_Task prompt_
Please repeat each line of the data exactly, with nothing left out.

_Records for this task_
Lemma open_locally_constant (f : T -> bool) : open (locally_constant_at f).
Proof.
rewrite openE; move=> x [W [oW Wx Wf]].
apply: (@filterS _ _ _ W); last exact: open_nbhs_nbhs.
by move=> y Wy; exists W; split => // z Wz; rewrite !Wf.
Qed.

(** A boolean function with open support is locally constant on a dense set:
    on its support, and on the complement of its closure. *)
Lemma dense_locally_constant (f : T -> bool) :
  open [set x | f x] -> dense (locally_constant_at f).
Proof.
move=> opf V [x Vx] oV; case: (pselect (exists2 y, V y & f y)) => [[y Vy fy]|nof].
  exists y; split => //; exists [set x | f x]; split => // z fz.
  by rewrite fz fy.
have fF z : V z -> f z = false by move=> Vz; apply/negP => fz; apply: nof; exists z.
by exists x; split => //; exists V; split => // z Vz; rewrite !fF.
Qed.

Lemma dense_interior_agree (f h : T -> bool) :
  open [set x | f x] -> open [set x | h x] ->
  dense [set x | f x = h x] -> dense [set x | f x = h x]°.
Proof.
move=> opf oph dEq; set L := locally_constant_at f `&` locally_constant_at h.
have oL : open L by apply: openI; exact: open_locally_constant.
apply: (dense_interiorS (S := L)).
  move=> x [[W1 [oW1 W1x W1f]] [W2 [oW2 W2x W2h]]].
  have [|y [[W1y W2y] fhy]] := dEq (W1 `&` W2) _ (openI oW1 oW2).
    by exists x.
  by rewrite /= -(W1f y W1y) -(W2h y W2y).
rewrite (interior_id L).1 //; apply: denseI => //; first exact: open_locally_constant.
  exact: dense_locally_constant.
exact: dense_locally_constant.
Qed.
End LocallyConstant.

_Task answer_
Lemma open_locally_constant (f : T -> bool) : open (locally_constant_at f).
Proof.
rewrite openE; move=> x [W [oW Wx Wf]].
apply: (@filterS _ _ _ W); last exact: open_nbhs_nbhs.
by move=> y Wy; exists W; split => // z Wz; rewrite !Wf.
Qed.

(** A boolean function with open support is locally constant on a dense set:
    on its support, and on the complement of its closure. *)
Lemma dense_locally_constant (f : T -> bool) :
  open [set x | f x] -> dense (locally_constant_at f).
Proof.
move=> opf V [x Vx] oV; case: (pselect (exists2 y, V y & f y)) => [[y Vy fy]|nof].
  exists y; split => //; exists [set x | f x]; split => // z fz.
  by rewrite fz fy.
have fF z : V z -> f z = false by move=> Vz; apply/negP => fz; apply: nof; exists z.
by exists x; split => //; exists V; split => // z Vz; rewrite !fF.
Qed.

Lemma dense_interior_agree (f h : T -> bool) :
  open [set x | f x] -> open [set x | h x] ->
  dense [set x | f x = h x] -> dense [set x | f x = h x]°.
Proof.
move=> opf oph dEq; set L := locally_constant_at f `&` locally_constant_at h.
have oL : open L by apply: openI; exact: open_locally_constant.
apply: (dense_interiorS (S := L)).
  move=> x [[W1 [oW1 W1x W1f]] [W2 [oW2 W2x W2h]]].
  have [|y [[W1y W2y] fhy]] := dEq (W1 `&` W2) _ (openI oW1 oW2).
    by exists x.
  by rewrite /= -(W1f y W1y) -(W2h y W2y).
rewrite (interior_id L).1 //; apply: denseI => //; first exact: open_locally_constant.
  exact: dense_locally_constant.
exact: dense_locally_constant.
Qed.
End LocallyConstant.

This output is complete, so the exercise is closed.